Fig. 2. (a) Schematic representation of enzyme-mediated self-regulated complex coacervation of GOx with DEAE-dextran in the presence of glucose. GOx catalyzes the oxidation of glucose into gluconolactone that spontaneously hydrolyses into gluconic acid, producing a pH decrease that can drive coacervate formation and dissolution. (b) Time-dependent evolution of the absorbance at 700 nm of a solution of GOx (0.25 mg mL⁻¹) and DEAE-dextran (0.04 mg mL⁻¹) produced at pH 10.2 after the sequential addition of glucose (0.6 mM at each addition). The colored area represents error as the standard deviation of three independent repeats. (c) Time-dependent evolution of the absorbance at 700 nm of a solution of GOx (0.25 mg mL⁻¹) and DEAE-dextran (0.04 mg mL⁻¹) produced at pH 10.2 after the single-step addition of varying final glucose concentrations, as indicated. Above a certain glucose concentration, a bell-shape is observed, attributed to the nucleation, grow, decay and dissolution of coacervate droplets. In such conditions, τ_1/2 denotes the full width at half maximum turbidity (here shown on the example of 1.4 mM glucose). The colored area represents error as the standard deviation of three independent repeats. (d and e) Optical microscopy snapshots of GOx/DEAE-dextran mixtures ([GOx] = 0.4 mg mL⁻¹, [DEAE-dextran] = 0.064 mg mL⁻¹) prepared at pH 10.2 at different times after addition of 0.5 mM (d) or 25 mM (e) glucose, showing the formation of stable or transient coacervate droplets, respectively. Scale bars, 20 μm. (f) Evolution of τ_1/2 as defined in c as a function of the final glucose concentration. The red line represents a mono-exponential fit of the data. Error bars represent standard deviations of three independent repeats. (g) Time-dependent evolution of the absorbance at 700 nm of a solution of GOx (0.25 mg mL⁻¹) and DEAE-dextran (0.04 mg mL⁻¹) produced at pH 10.2 after the single-step addition of 5 mM glucose and the repeated additions of 10 mM NaOH (black arrows). The dilution factor after the last NaOH addition was ∼1.05, so the final concentrations of components did not appreciably change.
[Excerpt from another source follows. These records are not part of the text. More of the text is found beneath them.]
Lemma Nhat_subgroup w : is_subgroup (Nhat adj VX c N w) (Uc_stab adj VX VY c M N w).
Proof.
  apply (hat_group_is_subgroup Y N (@hatY X Y) w HN hatY_id hatY_comp).
  intros g [tau [Gt Hg]]. pose proof Hg as [A [C [F _]]].
  destruct HN as [_ [_ [_ Ninv]]]. destruct (Ninv tau Gt) as [tau' [Gt' Ht]].
  assert (Hcol := is_g_colour Y (@hatY X Y) w hatY_id hatY_comp tau tau' g Hg (fun y => proj1 (Ht y))).
  split; [| exact F]. split; [exact A | split; [exact C | split]].
  - intros u Hu. exists (fun x => x). split; [apply HM |].
    intros u' Hu'. destruct (VX_colour_inl u u' Hu Hu') as [x Hx].
    now rewrite (Hcol u u' Hu'), Hx.
  - intros u _. exists tau'. split; [exact Gt' | exact (Hcol u)].
Qed.

End Stabilisers.

End BiregularTree.

Theorem proposition3p9 (X Y V : Type) (adj : V -> V -> Prop) (VX VY : V -> Prop)
  (M : (X -> X) -> Prop) (N : (Y -> Y) -> Prop) (c : V -> V -> X + Y) :
  card_ge2 X -> card_ge2 Y ->
  perm_group M -> perm_group N ->
  nontrivial_group M -> nontrivial_group N ->
  biregular_tree X Y adj VX VY ->
  legal_colouring adj VX VY c ->
  forall v w, VX v -> VY w ->
    is_subgroup (Mhat adj VX c M v) (Uc_stab adj VX VY c M N v) /\
    is_subgroup (Nhat adj VX c N w) (Uc_stab adj VX VY c M N w) /\
    groups_isomorphic M (Mhat adj VX c M v) /\
    groups_isomorphic N (Nhat adj VX c N w).
Proof.
  intros [x0 _] [y0 _] HM HN _ _ Htree Hc v w Hv Hw.
  split; [| split; [| split]].
  - exact (Mhat_subgroup X Y V adj VX VY c Hc M N HM HN v).
  - exact (Nhat_subgroup X Y V adj VX VY c Hc M N HM HN w).
  - exact (Mhat_iso X Y V adj VX VY c Htree Hc x0 y0 M HM v Hv).
  - exact (Nhat_iso X Y V adj VX VY c Htree Hc x0 y0 N HN w Hw).
Qed.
Fig. 3. (a–c) Optical (a) and confocal fluorescence (b and c) microscopy images of multiphase ATP/pLL-in-GOx/DEAE-dextran coacervate micro-droplets doped with RITC-GOx (b, red fluorescence) and FITC-DEAE-dextran (c, green fluorescence) in phosphate buffer (2.5 mM, pH 7.4). False coloring to magenta and cyan was used, respectively. Scale bars, 20 μm. (d) Schematic representation of GOx-mediated dynamic formation of multiphase coacervate droplets. At low glucose concentration, stable multiphase droplets are formed as the pH stabilizes to physiological values while higher glucose turnover gives rise to a transient multiphase droplet organization. (e and f) Optical microscopy snapshots of ATP/pLL/GOx/DEAE-dextran mixtures produced at pH 10.2 at different times after addition of 25 mM (e) or 100 mM (f) glucose, showing the formation of stable or transient multiphase coacervate droplets, respectively. Scale bars, 20 μm. Insets show zoomed areas (white box). Scale bars, 5 μm.